# Goal of the exercise:
From the entries that follow, copy exactly the lines beginning at the line holding "by rewrite (_" and continuing through the line holding "((1 + y / (eta".
===
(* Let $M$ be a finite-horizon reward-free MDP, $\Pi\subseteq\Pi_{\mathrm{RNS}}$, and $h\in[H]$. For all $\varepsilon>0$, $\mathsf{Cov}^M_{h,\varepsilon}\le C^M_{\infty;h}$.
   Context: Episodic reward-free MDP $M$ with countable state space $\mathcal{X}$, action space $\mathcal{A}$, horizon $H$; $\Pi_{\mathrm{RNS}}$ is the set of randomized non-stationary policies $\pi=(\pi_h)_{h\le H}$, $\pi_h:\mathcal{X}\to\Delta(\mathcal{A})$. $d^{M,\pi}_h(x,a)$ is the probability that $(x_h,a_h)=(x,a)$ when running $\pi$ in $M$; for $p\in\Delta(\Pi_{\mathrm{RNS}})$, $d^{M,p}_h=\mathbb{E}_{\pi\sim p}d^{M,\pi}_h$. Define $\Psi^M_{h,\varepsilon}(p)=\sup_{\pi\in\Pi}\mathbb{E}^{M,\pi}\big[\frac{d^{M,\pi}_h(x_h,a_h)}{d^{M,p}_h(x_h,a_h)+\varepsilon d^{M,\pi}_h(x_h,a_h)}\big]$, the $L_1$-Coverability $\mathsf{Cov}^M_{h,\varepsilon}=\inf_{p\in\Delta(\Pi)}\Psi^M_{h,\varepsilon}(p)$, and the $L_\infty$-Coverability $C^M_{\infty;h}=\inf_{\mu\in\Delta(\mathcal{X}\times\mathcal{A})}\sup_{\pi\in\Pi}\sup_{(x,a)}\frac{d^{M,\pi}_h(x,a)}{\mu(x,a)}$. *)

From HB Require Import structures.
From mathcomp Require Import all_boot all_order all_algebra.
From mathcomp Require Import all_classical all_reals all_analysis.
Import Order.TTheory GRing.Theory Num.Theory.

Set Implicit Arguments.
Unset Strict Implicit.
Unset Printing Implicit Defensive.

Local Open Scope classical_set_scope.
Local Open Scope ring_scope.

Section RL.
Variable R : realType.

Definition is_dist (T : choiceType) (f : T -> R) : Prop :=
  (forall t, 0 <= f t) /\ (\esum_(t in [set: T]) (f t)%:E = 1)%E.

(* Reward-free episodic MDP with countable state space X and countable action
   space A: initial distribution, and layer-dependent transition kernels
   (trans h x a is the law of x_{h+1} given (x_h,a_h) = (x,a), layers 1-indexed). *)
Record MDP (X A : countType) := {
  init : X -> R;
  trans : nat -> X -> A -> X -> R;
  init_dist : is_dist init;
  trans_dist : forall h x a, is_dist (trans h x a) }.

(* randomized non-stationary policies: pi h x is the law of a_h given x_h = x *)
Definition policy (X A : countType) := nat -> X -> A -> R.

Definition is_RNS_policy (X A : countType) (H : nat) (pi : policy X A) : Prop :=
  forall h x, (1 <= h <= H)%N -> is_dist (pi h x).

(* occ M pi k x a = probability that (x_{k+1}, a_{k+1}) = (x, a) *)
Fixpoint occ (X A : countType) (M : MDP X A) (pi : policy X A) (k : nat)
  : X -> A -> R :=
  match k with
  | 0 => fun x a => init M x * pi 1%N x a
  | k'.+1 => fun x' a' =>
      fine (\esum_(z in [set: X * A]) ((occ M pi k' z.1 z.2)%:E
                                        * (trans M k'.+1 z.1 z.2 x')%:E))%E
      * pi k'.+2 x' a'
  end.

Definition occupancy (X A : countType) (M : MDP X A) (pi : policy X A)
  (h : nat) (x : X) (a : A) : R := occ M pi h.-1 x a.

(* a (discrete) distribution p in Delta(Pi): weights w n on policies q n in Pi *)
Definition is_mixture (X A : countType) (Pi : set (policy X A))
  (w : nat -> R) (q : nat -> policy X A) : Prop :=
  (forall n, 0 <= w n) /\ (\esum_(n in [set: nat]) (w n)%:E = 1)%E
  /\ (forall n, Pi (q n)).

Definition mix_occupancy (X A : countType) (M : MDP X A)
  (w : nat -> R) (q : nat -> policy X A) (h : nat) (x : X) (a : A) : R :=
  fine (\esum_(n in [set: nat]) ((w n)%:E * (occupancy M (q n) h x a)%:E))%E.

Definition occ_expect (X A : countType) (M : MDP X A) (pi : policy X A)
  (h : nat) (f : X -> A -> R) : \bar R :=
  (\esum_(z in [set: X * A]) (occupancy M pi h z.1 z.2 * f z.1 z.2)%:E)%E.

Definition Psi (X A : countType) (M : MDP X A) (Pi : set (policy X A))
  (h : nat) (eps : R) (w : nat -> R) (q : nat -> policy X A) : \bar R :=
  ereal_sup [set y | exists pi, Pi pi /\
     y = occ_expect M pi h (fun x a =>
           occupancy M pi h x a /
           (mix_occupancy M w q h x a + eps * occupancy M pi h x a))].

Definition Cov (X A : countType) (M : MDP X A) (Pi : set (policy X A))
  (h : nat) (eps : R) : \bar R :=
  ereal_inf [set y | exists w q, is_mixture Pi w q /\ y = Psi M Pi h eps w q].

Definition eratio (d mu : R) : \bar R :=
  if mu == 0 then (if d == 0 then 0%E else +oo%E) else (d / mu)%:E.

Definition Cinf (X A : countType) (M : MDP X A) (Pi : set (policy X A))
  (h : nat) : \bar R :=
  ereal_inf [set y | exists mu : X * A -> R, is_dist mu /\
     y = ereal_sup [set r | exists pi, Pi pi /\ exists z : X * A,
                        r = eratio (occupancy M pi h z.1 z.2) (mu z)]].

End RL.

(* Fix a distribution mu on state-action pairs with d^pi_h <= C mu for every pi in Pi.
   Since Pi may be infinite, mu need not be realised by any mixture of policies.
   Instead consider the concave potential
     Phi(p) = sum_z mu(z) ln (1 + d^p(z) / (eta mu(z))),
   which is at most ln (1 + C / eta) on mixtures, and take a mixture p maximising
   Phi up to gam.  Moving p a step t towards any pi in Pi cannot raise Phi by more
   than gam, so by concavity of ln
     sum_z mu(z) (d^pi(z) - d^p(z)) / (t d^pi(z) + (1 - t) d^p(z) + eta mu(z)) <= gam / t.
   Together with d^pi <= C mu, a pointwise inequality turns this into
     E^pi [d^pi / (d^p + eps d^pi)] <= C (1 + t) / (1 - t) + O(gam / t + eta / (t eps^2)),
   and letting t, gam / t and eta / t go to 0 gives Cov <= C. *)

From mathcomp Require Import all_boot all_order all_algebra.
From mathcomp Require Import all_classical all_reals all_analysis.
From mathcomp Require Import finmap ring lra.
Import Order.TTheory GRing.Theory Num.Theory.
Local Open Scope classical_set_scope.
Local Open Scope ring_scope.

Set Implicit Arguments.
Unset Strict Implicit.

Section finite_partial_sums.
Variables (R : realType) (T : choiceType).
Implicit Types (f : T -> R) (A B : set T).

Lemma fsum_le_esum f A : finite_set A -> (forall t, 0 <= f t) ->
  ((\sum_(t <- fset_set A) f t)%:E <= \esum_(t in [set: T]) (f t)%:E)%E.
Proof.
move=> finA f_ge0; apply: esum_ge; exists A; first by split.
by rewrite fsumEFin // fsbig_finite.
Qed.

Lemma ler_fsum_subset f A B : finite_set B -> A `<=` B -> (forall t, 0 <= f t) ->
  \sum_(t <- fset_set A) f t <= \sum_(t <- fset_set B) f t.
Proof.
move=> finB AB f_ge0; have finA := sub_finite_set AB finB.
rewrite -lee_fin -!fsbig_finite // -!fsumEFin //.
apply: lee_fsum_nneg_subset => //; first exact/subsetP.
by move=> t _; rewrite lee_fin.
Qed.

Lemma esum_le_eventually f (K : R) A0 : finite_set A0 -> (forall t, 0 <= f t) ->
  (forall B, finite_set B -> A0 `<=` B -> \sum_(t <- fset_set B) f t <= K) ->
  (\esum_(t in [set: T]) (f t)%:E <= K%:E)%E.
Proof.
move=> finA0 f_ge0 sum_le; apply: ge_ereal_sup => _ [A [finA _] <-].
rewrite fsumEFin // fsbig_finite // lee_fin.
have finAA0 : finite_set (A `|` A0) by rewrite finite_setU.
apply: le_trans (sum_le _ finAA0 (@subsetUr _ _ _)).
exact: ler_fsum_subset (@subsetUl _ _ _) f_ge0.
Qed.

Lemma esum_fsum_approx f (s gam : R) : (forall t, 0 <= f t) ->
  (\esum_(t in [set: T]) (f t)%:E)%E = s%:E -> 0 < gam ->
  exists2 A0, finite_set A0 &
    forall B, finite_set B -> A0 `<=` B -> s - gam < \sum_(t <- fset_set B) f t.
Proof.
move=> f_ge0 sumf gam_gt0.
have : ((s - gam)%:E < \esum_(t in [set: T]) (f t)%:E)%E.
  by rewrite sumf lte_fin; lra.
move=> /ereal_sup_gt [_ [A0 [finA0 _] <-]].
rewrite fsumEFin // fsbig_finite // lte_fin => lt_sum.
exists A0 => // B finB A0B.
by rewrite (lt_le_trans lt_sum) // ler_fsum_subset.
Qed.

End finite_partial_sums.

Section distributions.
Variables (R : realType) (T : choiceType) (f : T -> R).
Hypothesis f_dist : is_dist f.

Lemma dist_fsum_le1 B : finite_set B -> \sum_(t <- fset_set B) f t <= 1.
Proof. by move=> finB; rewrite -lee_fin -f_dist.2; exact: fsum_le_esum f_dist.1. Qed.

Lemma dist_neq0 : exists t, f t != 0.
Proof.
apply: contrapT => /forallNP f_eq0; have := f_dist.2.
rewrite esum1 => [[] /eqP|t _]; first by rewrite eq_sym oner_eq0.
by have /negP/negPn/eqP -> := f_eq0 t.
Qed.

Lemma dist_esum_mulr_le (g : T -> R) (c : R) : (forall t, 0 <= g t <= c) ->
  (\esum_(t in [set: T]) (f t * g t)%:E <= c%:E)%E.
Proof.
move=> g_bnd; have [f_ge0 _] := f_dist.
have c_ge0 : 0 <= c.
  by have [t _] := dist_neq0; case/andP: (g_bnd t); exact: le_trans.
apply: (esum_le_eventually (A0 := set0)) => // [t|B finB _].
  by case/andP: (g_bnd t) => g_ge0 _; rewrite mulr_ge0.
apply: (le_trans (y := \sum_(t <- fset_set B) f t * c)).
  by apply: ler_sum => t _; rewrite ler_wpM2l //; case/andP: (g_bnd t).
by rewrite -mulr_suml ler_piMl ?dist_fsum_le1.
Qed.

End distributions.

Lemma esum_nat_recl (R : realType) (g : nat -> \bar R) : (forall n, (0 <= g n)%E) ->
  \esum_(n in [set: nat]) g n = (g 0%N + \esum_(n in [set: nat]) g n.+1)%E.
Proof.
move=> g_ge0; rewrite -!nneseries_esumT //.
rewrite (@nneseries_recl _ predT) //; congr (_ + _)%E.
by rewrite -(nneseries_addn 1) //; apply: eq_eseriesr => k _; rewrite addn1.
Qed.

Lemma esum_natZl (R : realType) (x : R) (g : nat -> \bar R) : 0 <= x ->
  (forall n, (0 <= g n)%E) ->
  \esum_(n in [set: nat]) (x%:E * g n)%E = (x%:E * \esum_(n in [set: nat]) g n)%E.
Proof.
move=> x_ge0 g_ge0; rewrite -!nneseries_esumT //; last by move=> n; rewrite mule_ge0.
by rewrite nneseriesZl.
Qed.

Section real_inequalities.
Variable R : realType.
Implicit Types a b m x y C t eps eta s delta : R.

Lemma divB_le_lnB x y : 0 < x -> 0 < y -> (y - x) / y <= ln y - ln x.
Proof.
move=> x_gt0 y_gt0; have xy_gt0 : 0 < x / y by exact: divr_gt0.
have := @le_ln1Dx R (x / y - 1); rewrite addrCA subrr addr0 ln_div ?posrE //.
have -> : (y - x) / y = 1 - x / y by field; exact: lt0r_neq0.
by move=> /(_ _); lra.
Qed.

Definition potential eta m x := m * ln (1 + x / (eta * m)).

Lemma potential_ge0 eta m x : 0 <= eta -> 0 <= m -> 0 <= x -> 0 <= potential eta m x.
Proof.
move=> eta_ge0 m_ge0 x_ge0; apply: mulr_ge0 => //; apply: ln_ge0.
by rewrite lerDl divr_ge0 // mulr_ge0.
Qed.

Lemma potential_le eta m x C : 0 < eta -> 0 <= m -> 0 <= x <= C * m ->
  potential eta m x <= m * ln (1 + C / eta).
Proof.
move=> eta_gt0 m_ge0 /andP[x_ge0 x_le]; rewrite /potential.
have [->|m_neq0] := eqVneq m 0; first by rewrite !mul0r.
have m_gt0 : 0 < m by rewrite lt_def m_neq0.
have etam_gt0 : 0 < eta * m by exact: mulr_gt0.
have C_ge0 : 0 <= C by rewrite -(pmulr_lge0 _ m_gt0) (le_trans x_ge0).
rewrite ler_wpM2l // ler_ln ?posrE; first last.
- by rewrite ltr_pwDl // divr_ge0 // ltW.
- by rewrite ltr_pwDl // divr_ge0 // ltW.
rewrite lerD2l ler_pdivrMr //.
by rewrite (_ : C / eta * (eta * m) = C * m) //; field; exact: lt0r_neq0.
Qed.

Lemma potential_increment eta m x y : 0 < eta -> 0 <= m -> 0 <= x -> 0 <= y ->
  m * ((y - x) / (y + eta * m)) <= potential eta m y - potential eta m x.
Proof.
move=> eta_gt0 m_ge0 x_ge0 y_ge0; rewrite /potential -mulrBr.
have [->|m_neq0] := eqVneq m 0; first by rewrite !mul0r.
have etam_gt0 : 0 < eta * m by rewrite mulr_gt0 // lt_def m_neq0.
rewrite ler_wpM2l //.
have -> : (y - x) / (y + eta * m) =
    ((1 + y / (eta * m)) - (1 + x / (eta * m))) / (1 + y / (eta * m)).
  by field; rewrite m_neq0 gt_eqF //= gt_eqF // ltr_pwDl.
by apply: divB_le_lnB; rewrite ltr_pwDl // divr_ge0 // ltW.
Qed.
===
# Output for this exercise:
by rewrite (_ : C / eta * (eta * m) = C * m) //; field; exact: lt0r_neq0.
Qed.

Lemma potential_increment eta m x y : 0 < eta -> 0 <= m -> 0 <= x -> 0 <= y ->
  m * ((y - x) / (y + eta * m)) <= potential eta m y - potential eta m x.
Proof.
move=> eta_gt0 m_ge0 x_ge0 y_ge0; rewrite /potential -mulrBr.
have [->|m_neq0] := eqVneq m 0; first by rewrite !mul0r.
have etam_gt0 : 0 < eta * m by rewrite mulr_gt0 // lt_def m_neq0.
rewrite ler_wpM2l //.
have -> : (y - x) / (y + eta * m) =
    ((1 + y / (eta * m)) - (1 + x / (eta * m))) / (1 + y / (eta * m)).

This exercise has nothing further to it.